Hans Georg Berger è nato a Treviri nel 1951. Dopo gli studi in Filosofia delle Religioni all’Università di Monaco di Baviera e all’Università del Vermont (USA), all’inizio degli anni ’70 è stato attore, sceneggiatore e regista del gruppo Rote Rübe e, dal 1977 al 1983, direttore dell’Internationales Festival des Freien Theaters in München e cofondatore della Münchener Biennale.
A partire dalla fine degli anni ’70 ha avviato il restauro dell’Eremo di Santa Caterina, all’Isola d’Elba, trasformando l’antico convento francescano in un centro internazionale d’arte e realizzando un giardino botanico dedicato alla flora spontanea dell’Arcipelago Toscano.
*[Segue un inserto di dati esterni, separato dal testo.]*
Definition component_of G (B C : {set pt}) : Prop :=
  [/\ C \subset B, C != finset.set0, connected_in G C &
      forall D : {set pt}, C \subset D -> D \subset B -> connected_in G D -> D = C].

Definition graph_of (C : {set pt}) : graph V :=
  Graph [set v | inl v \in C] [set e | inr e \in C].

End Graphs.

Definition map_pt (VY VZ : finType) (F : VY -> VZ) (x : pt VY) : pt VZ :=
  match x with inl v => inl (F v) | inr e => inr (F @: e) end.

Definition preim_pt (VY VZ : finType) (GY : graph VY) (F : VY -> VZ)
    (B : {set pt VZ}) : {set pt VY} :=
  [set x in pts GY | map_pt F x \in B].

Local Open Scope classical_set_scope.
Local Open Scope ring_scope.

Notation RR := Rdefinitions.R.

Definition homeo_on (X Y : topologicalType) (A : set X) (B : set Y)
    (f : X -> Y) (g : Y -> X) : Prop :=
  [/\ {within A, continuous f}, {within B, continuous g},
      (forall x, A x -> B (f x)) /\ (forall y, B y -> A (g y)),
      (forall x, A x -> g (f x) = x) & (forall y, B y -> f (g y) = y)].

Definition sphere2 : set (RR * RR * RR) :=
  [set p | p.1.1 ^+ 2 + p.1.2 ^+ 2 + p.2 ^+ 2 = 1].

Definition is_2sphere (X : topologicalType) : Prop :=
  exists (f : X -> RR * RR * RR) (g : RR * RR * RR -> X),
    homeo_on setT sphere2 f g.

Definition disk : set (RR * RR) := [set p | p.1 ^+ 2 + p.2 ^+ 2 < 1].

(** z |-> z^d on C = R^2 *)
Definition cpow (d : nat) (z : RR * RR) : RR * RR :=
  iter d (fun w : RR * RR => (w.1 * z.1 - w.2 * z.2, w.1 * z.2 + w.2 * z.1))
    (1, 0).

Definition local_model (X Y : topologicalType) (f : X -> Y) (x : X) (d : nat)
  : Prop :=
  exists (U : set X) (W : set Y) (phi : X -> RR * RR) (phi' : RR * RR -> X)
         (psi : Y -> RR * RR) (psi' : RR * RR -> Y),
    [/\ open U /\ open W, U x /\ (forall z, U z -> W (f z)),
        homeo_on U disk phi phi' /\ homeo_on W disk psi psi',
        phi x = (0, 0) /\ psi (f x) = (0, 0) &
        forall z, U z -> psi (f z) = cpow d (phi z)].

Definition branched_covering (X Y : topologicalType) (f : X -> Y) : Prop :=
  continuous f /\ forall x, exists d, (0 < d)%N /\ local_model f x d.

Definition local_degree (X Y : topologicalType) (f : X -> Y) (x : X) : nat :=
  xget 0%N [set d | (0 < d)%N /\ local_model f x d].

Definition covering_map_on (X Y : topologicalType) (A : set X) (B : set Y)
    (f : X -> Y) : Prop :=
  (forall x, A x -> B (f x)) /\
  forall y, B y -> exists W : set Y,
    [/\ open W, W y &
      exists sheets : set (set X),
        [/\ (forall U, sheets U -> exists O : set X, open O /\ U = A `&` O),
            (forall U U', sheets U -> sheets U' -> U `&` U' !=set0 -> U = U'),
            A `&` (f @^-1` (B `&` W)) = \bigcup_(U in sheets) U &
            forall U, sheets U -> exists g, homeo_on U (B `&` W) f g]].

(** A tree of spheres on the graph [G]: [G] is a tree (marked by its set of
    leaves), and every internal vertex [v] carries a 2-sphere [S v] and an
    injection [i v : E_v -> S v].  [marked_tree_of_spheres] omits the
    requirement of at least 3 marked points. *)
Definition marked_tree_of_spheres (V : finType) (G : graph V)
    (S : V -> topologicalType) (i : forall v, {set V} -> S v) : Prop :=
  is_tree G /\
  forall v, v \in internal G ->
    is_2sphere (S v) /\ {in edges_at G v &, injective (i v)}.
Arguments marked_tree_of_spheres {V} G S i.

Definition tree_of_spheres (V : finType) (G : graph V)
    (S : V -> topologicalType) (i : forall v, {set V} -> S v) : Prop :=
  marked_tree_of_spheres G S i /\ (3 <= #|leaves G|)%N.
Arguments tree_of_spheres {V} G S i.

Definition marks (V : finType) (G : graph V) (S : V -> topologicalType)
    (i : forall v, {set V} -> S v) (v : V) : set (S v) :=
  [set i v e | e in [set e | e \in edges_at G v]].
Arguments marks {V} G {S} i v.

Definition is_cover (VY VZ : finType)
    (GY : graph VY) (SY : VY -> topologicalType) (iY : forall v, {set VY} -> SY v)
    (GZ : graph VZ) (SZ : VZ -> topologicalType) (iZ : forall w, {set VZ} -> SZ w)
    (F : VY -> VZ) (f : forall v, SY v -> SZ (F v)) : Prop :=
  [/\ (forall v, v \in gV GY -> F v \in gV GZ) /\
        (forall e, e \in gE GY -> F @: e \in gE GZ),
      (forall v, v \in leaves GY -> F v \in leaves GZ),
      (forall v, v \in internal GY -> F v \in internal GZ),
      (forall v, v \in internal GY ->
         [/\ branched_covering (f v),
             covering_map_on (~` marks GY iY v) (~` marks GZ iZ (F v)) (f v) &
             forall e, e \in edges_at GY v -> f v (iY v e) = iZ (F v) (F @: e)]) &
      (forall v1 v2, v1 \in internal GY -> v2 \in internal GY ->
         edge2 v1 v2 \in gE GY ->
         local_degree (f v1) (iY v1 (edge2 v1 v2)) =
         local_degree (f v2) (iY v2 (edge2 v1 v2)))].
Arguments is_cover {VY VZ} GY SY iY GZ SZ iZ F f.

From mathcomp Require Import boolp classical_sets topology.
From mathcomp Require Import all_boot.

(* Let A be a nonempty open connected set of points of a tree.  A vertex of
   the closure of A either lies in A, and then, A being open, keeps all its
   edges, or it is an endpoint outside A of an edge of A; such a boundary
   vertex meets only that one edge of A, since two of them would be joined
   through A avoiding it and close a cycle.  So the closure of A is a subtree
   whose internal vertices lie in A with unchanged edge sets, and the spheres
   and attaching maps restrict.  A component T' of F^-1(T'') is open and sends
   its boundary vertices outside T'' (by maximality); hence leaves of the
   closure of T', which lie in T' or on its boundary, go to leaves of the
   closure of T'', and the remaining cover conditions are local at internal
   vertices, where nothing changed. *)

Set Implicit Arguments. Unset Strict Implicit. Unset Printing Implicit Defensive.

Notation closure_graph G A := (graph_of (closure_in G A)).

Section Graphs.
Variable V : finType.

Lemma edge2C (x y : V) : edge2 x y = edge2 y x.
Proof. by rewrite /edge2 setUC. Qed.

Lemma card2_edge2 (e : {set V}) x y :
  #|e| = 2 -> x != y -> x \in e -> y \in e -> e = edge2 x y.
Proof.
move=> e2 xy xe ye; apply/esym/eqP; rewrite eqEcard e2 /edge2 cards2 xy leqnn.
by rewrite andbT; apply/subsetP => z; rewrite !inE => /orP[] /eqP->.
Qed.

Lemma card2_other (e : {set V}) w :
  #|e| = 2 -> w \in e -> exists2 a, a != w & e = edge2 w a.
Proof.
move/eqP/cards2P => [x [y [xy ->]]]; rewrite !inE => /orP[] /eqP->.
  by exists y; rewrite // eq_sym.
by exists x; rewrite // edge2C.
Qed.

Lemma card2_avoid (e : {set V}) w : #|e| = 2 -> exists2 x, x \in e & x != w.
Proof.
move/eqP/cards2P => [x [y [xy ->]]].
have [xw|xw] := eqVneq x w; last by exists x; rewrite ?inE ?eqxx.
by exists y; rewrite ?inE ?eqxx ?orbT // -xw eq_sym.
Qed.

Lemma acyclic_no_detour (G : graph V) w a b : acyclic G -> a != b ->
  adj G w a -> adj G w b ->
  ~~ connect [rel x y | [&& adj G x y, x != w & y != w]] a b.
Proof.
move=> acG ab wa wb; apply/negP => /connectP[p pth].
case: (shortenP pth) => {p pth} q qpth uq _ lastq.
case: q qpth uq lastq => [/= _ _ bE|c q]; first by rewrite bE eqxx in ab.
rewrite [path _ _ _]/= => /andP[/and3P[ac aw cw] qpth] uq lastq.
have avoid : all (predC1 w) (c :: q).
  elim: q (c) cw qpth {uq lastq} => [|d q IH] x /= xw; first by rewrite xw.
  by case/andP=> /and3P[_ _ dw] dpth; rewrite xw; apply: IH dw dpth.
have cyc : cycle (adj G) [:: w, a, c & q].
  rewrite /= rcons_path /= wa ac /= -[last c q]/(last a (c :: q)) -lastq.
  have bw : adj G b w by rewrite /adj edge2C.
  rewrite bw andbT.
  by apply: sub_path qpth => x y /and3P[].
have uniq_cyc : uniq [:: w, a, c & q].
  rewrite cons_uniq uq andbT in_cons negb_or eq_sym aw /=.
  by apply/negP => /(allP avoid); rewrite /= eqxx.
by move: (acG _ uniq_cyc isT); rewrite cyc.
Qed.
Accanto all’esperienza elbana, Berger ha avviato negli anni ’80 una serie di progetti fotografici a lungo termine, incentrati soprattutto sulla dimensione culturale del rito e sulla meditazione come fonte di ricerca spirituale. Campo privilegiato delle sue ricerche e delle sue attività formative sono stati il Laos, la Thailandia e l’Iran, Paesi nei quali ha soggiornato a più riprese e per lunghi periodi, intessendo un’estesa rete di relazioni che ha favorito anche la realizzazione di importanti progetti di cooperazione internazionale. Nella città di Luang Prabang, antica capitale del Regno di Lan Xang e, sino al 1975, residenza del re del Laos, Berger ha fondato alla fine degli anni ’90 l’Archivio di Fotografia Buddhista con l’obiettivo di conservare e valorizzare un patrimonio unico di oltre 35.000 immagini scattate dai monaci dalla nascita della fotografia alla fine del XX secolo.
A oggi, Hans Georg Berger ha realizzato oltre quaranta volumi e ha al suo attivo oltre sessanta esposizioni personali in tutti i principali Paesi d’Europa, negli Stati Uniti, in Giappone e nei Paesi del Sud-est asiatico. Sue opere figurano nelle collezioni di alcuni fra i più importanti musei d’arte del mondo.

LA DISCIPLINA DEI SENSI
HANS GEORG BERGER. UNA RETROSPETTIVA
Lugano MUSEC | Museo delle Culture (Villa Malpensata, Riva Caccia 5/ Via Giuseppe Mazzini 5– entrata principale dal giardino).
13 maggio 2021 – 16 gennaio 2022
Orari:
Tutti i giorni dalle 11.00 alle 18.00. Chiuso il martedì.
Informazioni:  www.musec.ch

Il biglietto, oltre a consentire la visita dell’esposizione La disciplina dei sensi, consente l’accesso alle altre esposizioni temporanee allestite al MUSEC e la visita degli highlight della Collezione permanente.